= Codex: Imperial Guard =

Game supplement

First edition, cover art by David Gallagher, 1995

Codex: Imperial Guard is a supplement published by Games Workshop (GW) in 1995 for the tabletop miniatures wargame Warhammer 40,000.

==Contents==
Codex: Imperial Guard is divided into several sections:
- Army List lists the units that can be used in an Imperial Guard army. This section also includes special rules, and details things such as weaponry, equipment and special forces, as well as a new "Orders" system.
- Background details how regiments of the Imperial Guard are recruited and organized, and also outlines the history of some famous regiments.
- Special Characters contains the backgrounds and details of notable characters.
- Hobby outlines how Imperial Guard units should be painted.

==Publication history==
GW first published Warhammer 40,000 in 1987. A second edition quickly followed. as well as a number of supplements.

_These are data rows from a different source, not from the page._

Lemma difD (a b : obj C (n + 1)) : dif (a + b) = dif a + dif b.
Proof. exact: (linearD (linear_of (proj1 HC n))). Qed.

Lemma difN (a : obj C (n + 1)) : dif (- a) = - dif a.
Proof. exact: (linearN (linear_of (proj1 HC n))). Qed.

Lemma dif0 : dif (0 : obj C (n + 1)) = 0.
Proof. exact: (linear0 (linear_of (proj1 HC n))). Qed.

Lemma difZ k (a : obj C (n + 1)) : dif (k *: a) = k *: dif a.
Proof. exact: (linearZZ (linear_of (proj1 HC n))). Qed.

Lemma dif_dif (a : obj C (n + 1 + 1)) : dif (dif a) = 0.
Proof. exact: (proj2 HC). Qed.

End Differential.

Section Transport.
Variables (C : cplx R) (m n : int) (e : m = n).

Lemma dcast_id (e' : n = n) (x : obj C n) : dcast e' x = x.
Proof. by rewrite (eq_irrelevance e' erefl). Qed.

Lemma dcastD (a b : obj C m) : dcast e (a + b) = dcast e a + dcast e b.
Proof. by case: n / e. Qed.

Lemma dcastZ k (a : obj C m) : dcast e (k *: a) = k *: dcast e a.
Proof. by case: n / e. Qed.

Lemma dcastN (a : obj C m) : dcast e (- a) = - dcast e a.
Proof. by case: n / e. Qed.

Lemma dcast0 : dcast e (0 : obj C m) = 0.
Proof. by case: n / e. Qed.

Lemma dcast_natural D (phi : forall k, obj C k -> obj D k) (x : obj C m) :
  phi n (dcast e x) = dcast e (phi m x).
Proof. by case: n / e. Qed.

End Transport.

(* Transports between degrees such as [n + 1 - 1] and [n] block computation.
   [gen_casts] generalizes their proofs; [subst_degrees] then abstracts degree
   expressions to variables and substitutes the resulting equations, after
   which every remaining transport is along a reflexivity proof. *)
Ltac gen_casts :=
  repeat match goal with
  | |- context [@dcast _ _ _ _ ?e _] => tryif is_var e then fail else generalize e
  end; intros.

Ltac revert_elements :=
  repeat match goal with
  | H : @eq _ _ _ |- _ => revert H
  | H : GRing.Lmodule.sort (obj _ _) |- _ => revert H
  end.

Ltac abstract_degree a :=
  tryif is_var a then fail else (revert_elements; move: (a) => ?; intros).

Ltac subst_degrees :=
  subst; do 8 try (match goal with
  | e : ?a = ?b |- _ => tryif unify a b then fail else abstract_degree a
  | e : _ = ?f ?t _ |- _ => abstract_degree t
  | e : ?f ?t _ = _ |- _ => abstract_degree t
  end; subst);
  rewrite ?dcast_id.

Definition is_homotopy C D (F G : forall n, obj C n -> obj D n)
    (h : forall n, obj C n -> obj D (n + 1)) :=
  forall n (c : obj C (n + 1)), F (n + 1) c - G (n + 1) c = dif (h (n + 1) c) + h n (dif c).

Lemma homotopy_dif C D (F G : forall n, obj C n -> obj D n) h : is_homotopy F G h ->
  forall n (c : obj C (n + 1)), dif (h (n + 1) c) = F (n + 1) c - G (n + 1) c - h n (dif c).
Proof. by move=> Hh n c; rewrite Hh addrK. Qed.

(* [z] is a homotopy between the homotopies [x] and [x'], up to the commutator
   of [k] with [u] and [u']. *)
Definition is_homotopy2 C D (u : forall n, obj C n -> obj C n) (u' : forall n, obj D n -> obj D n)
    (k x x' : forall n, obj C n -> obj D (n + 1)) (z : forall n, obj C n -> obj D (n + 1 + 1)) :=
  forall n (c : obj C (n + 1)), x (n + 1) c - x' (n + 1) c =
    k (n + 1) (u (n + 1) c) - u' (n + 1 + 1) (k (n + 1) c) + dif (z (n + 1) c) - z n (dif c).

Lemma cone_is_complex C (HC : is_complex C) (u : forall n, {linear obj C n -> obj C n}) :
  chain_map u -> is_complex (cone u).
Proof.
move=> Hu; split=> n.
  move=> k [c1 b1] [c2 b2] /=.
  rewrite !dcastD !dcastZ (difD HC) (difZ HC) linearP (difD HC) (difZ HC).
  by congr (_, _) => /=; rewrite linearP scalerDr; abel.
case=> c b; apply: injective_projections => /=; gen_casts; subst_degrees.
- by rewrite (difN HC) (dif_dif HC) !oppr0.
- by rewrite (difD HC) (dif_dif HC) Hu linearN addr0 addNr.
Qed.

Lemma cone_e3 (n : int) : n - 1 + 1 = n + 1 - 1.
Proof. by rewrite subrK addrK. Qed.

Lemma cone_e4 (n : int) : n - 1 + 1 + 1 = n + 1.
Proof. by rewrite subrK. Qed.

Section ConeMaps.
Variables (C D : cplx R) (HD : is_complex D)
  (u : forall n, {linear obj C n -> obj C n}) (u' : forall n, {linear obj D n -> obj D n}).

Definition cone_fun (phi : forall n, obj C n -> obj D n) (x : forall n, obj C n -> obj D (n + 1))
    n (cb : cone_obj C C n) : cone_obj D D n :=
  (phi (n - 1) cb.1, phi n cb.2 + dcast (subrK 1 n) (x (n - 1) cb.1)).

Definition cone_htpy_fun (k : forall n, obj C n -> obj D (n + 1))
    (z : forall n, obj C n -> obj D (n + 1 + 1)) n (cb : cone_obj C C n) : cone_obj D D (n + 1) :=
  (- dcast (cone_e3 n) (k (n - 1) cb.1), k n cb.2 + dcast (cone_e4 n) (z (n - 1) cb.1)).

Arguments cone_fun : clear implicits.
Arguments cone_htpy_fun : clear implicits.

Implicit Types (phi : forall n, {linear obj C n -> obj D n})
  (x k : forall n, {linear obj C n -> obj D (n + 1)})
  (z : forall n, {linear obj C n -> obj D (n + 1 + 1)}).

Lemma cone_fun_linear phi x n : linear (cone_fun phi x n).
Proof.
move=> a [c1 b1] [c2 b2]; rewrite /cone_fun /=.
by rewrite !linearP dcastD dcastZ; congr (_, _) => /=; rewrite scalerDr; abel.
Qed.

Definition cone_map phi x n : {linear obj (cone u) n -> obj (cone u') n} :=
  linear_of (@cone_fun_linear phi x n).

Lemma cone_map_chain phi x : chain_map phi ->
  is_homotopy (fun n c => phi n (u n c)) (fun n c => u' n (phi n c)) x ->
  chain_map (cone_map phi x).
Proof.
move=> Hphi Hx n [c b] /=; rewrite /cone_fun /=; gen_casts; subst_degrees.
rewrite Hphi linearN; congr (_, _).
by rewrite (difD HD) !linearD Hphi (homotopy_dif Hx) linearN; abel.
Qed.

Lemma cone_htpy_fun_linear k z n : linear (cone_htpy_fun k z n).
Proof.
move=> a [c1 b1] [c2 b2]; rewrite /cone_htpy_fun /=.
by rewrite !linearP !dcastD !dcastZ; congr (_, _) => /=; rewrite ?scalerN ?scalerDr; abel.
Qed.

Lemma cone_fun_homotopic phi x phi' x' k z :
  is_homotopy phi phi' k -> is_homotopy2 u u' k x x' z ->
  chain_homotopic (C := cone u) (B := cone u') (cone_fun phi x) (cone_fun phi' x').
Proof.
move=> Hk Hz; exists (fun n => linear_of (@cone_htpy_fun_linear k z n)) => n [c b] /=.
rewrite /cone_fun /cone_htpy_fun; apply: injective_projections => /=; gen_casts; subst_degrees.
  by rewrite Hk (difN HD) (linearN (k _)); abel.
rewrite -[phi _ b](subrK (phi' _ b)) Hk -[x _ c](subrK (x' _ c)) Hz.
by rewrite (difD HD) (linearN (u' _)) (linearD (k _)) (linearN (z _)); abel.
Qed.

End ConeMaps.
Arguments cone_fun {C D} phi x n cb.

One of these was Codex: Imperial Guard, a 112-page softcover book designed by Rick Priestley with contributions by Andy Chambers, Jervis Johnson, and Ian Pickstock, with interior art by John Blanche, Wayne England, Mark Gibbons, and Des Hanley, and cover art by David Gallagher, published by GW in 1995. As Warhammer 40,000 evolved, this book was revised and republished a number of times, the latest being a 5th edition in 2009.

==Reception==
Patrick Eibel graded the various sections of the book from A+ to B, and concluded, "These changes have not stripped away the core identity of an Imperial Guard army: its masses of infantry and numerous tanks. In fact, these qualities have been greatly enhanced and improved."

In Issue 2 of Arcane, Mark Donald called this book "An essential purchase for any budding Great Commander with delusions of grandeur." He concluded by giving the book an above average rating of 8 out of 10.

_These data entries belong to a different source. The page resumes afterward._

(* Let $f$ be convex, continuously differentiable, with minimizer $x^*$, minimum value $f^*$ and coordinate-wise Lipschitz constants $L_i>0$, and fix $\alpha\ge0$. Assume $\sigma_{1-\alpha}>0$ (defined with respect to the $\tilde L$-weighted norm below). Fix $x_0\in\mathbb{R}^n$ and put $\theta=\sqrt{\sigma_{1-\alpha}/(2\tilde S_\alpha n)}$, $\zeta_0=\sigma_{1-\alpha}$, $v_0=x_0$, $\phi_0(x)=f(x_0)+\frac{\sigma_{1-\alpha}}{2}\|x-x_0\|_{1-\alpha}^2$. Construct $\phi_k,\zeta_k,v_k$ by the recursion $\zeta_{k+1}=(1-\theta)\zeta_k+\theta\sigma_{1-\alpha}$ (so $\zeta_k=\sigma_{1-\alpha}$), $v_{k+1}=\frac{1}{\zeta_{k+1}}\big[(1-\theta)\zeta_kv_k+\theta\sigma_{1-\alpha}y_k-\frac{\tilde S_\alpha\theta}{\tilde L_{i_k}}\vec f_{i_k}(y_k)\big]$, where $i_0,i_1,\dots$ are independent with $\Pr[i_k=i]=\tilde L_i^\alpha/\tilde S_\alpha$, $y_0=x_0$, and for $k\ge1$ $$x_k=y_{k-1}-\tfrac{1}{\tilde L_{i_{k-1}}}\vec f_{i_{k-1}}(y_{k-1}),\qquad y_k\ \text{ determined by }\ \tfrac{\theta\zeta_k}{\zeta_{k+1}}(v_k-y_k)+x_k-y_k=0.$$ Then for all $k\ge0$, $$\mathbb{E}[f(x_k)]-f^*\le\Big(1-\tfrac12\sqrt{\tfrac{\sigma_{1-\alpha}}{S_\alpha n}}\Big)^k\Big(f(x_0)-f^*+\sigma_{1-\alpha}\|x^*-x_0\|_{1-\alpha}^2\Big).$$
   Context: $f_i(x)=e_i^T\nabla f(x)$, $\vec f_i(x)=f_i(x)e_i$; $L_i$ are coordinate-wise Lipschitz constants: $|f_i(x+te_i)-f_i(x)|\le L_i|t|$. $S_\alpha=\sum_iL_i^\alpha$. Define $\tilde L_i$ by $\tilde L_i^\alpha=\max(L_i^\alpha,S_\alpha/n)$ (for $\alpha=0$, $\tilde L_i=L_i$) and $\tilde S_\alpha=\sum_i\tilde L_i^\alpha$; the $\tilde L_i$ are again coordinate-wise Lipschitz constants and $S_\alpha\le\tilde S_\alpha\le2S_\alpha$. In this statement $\|x\|_{1-\alpha}=\sqrt{\sum_i\tilde L_i^{1-\alpha}x_i^2}$ (for $\alpha=1$ this is the Euclidean norm), and $\sigma_{1-\alpha}$ is a convexity parameter of $f$ with respect to it: $f(y)\ge f(x)+\langle\nabla f(x),y-x\rangle+\frac{\sigma_{1-\alpha}}2\|y-x\|_{1-\alpha}^2$ for all $x,y$. *)

(* classical reals. Vectors of R^n are encoded as nat -> R,
   with only coordinates 0..n-1 meaningful (f is required to depend only on them). *)
From Stdlib Require Import Reals Lra List.
Open Scope R_scope.

Definition vec := nat -> R.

In Issue 19 of Backstab, Timbre Poste noted that the 3rd edition of this book attempted to simplify some of the previously published rules, and "From a practical point of view, you will find far fewer characters here than in the previous versions." Poste also commented on the strong offense but weak defense of the Guard, saying, "Every place where you deploy an army will be a real butcher's shop, although you often risk being yourself cut into hamburger and chops." Poste concluded by giving the book a rating of 6 out of 10.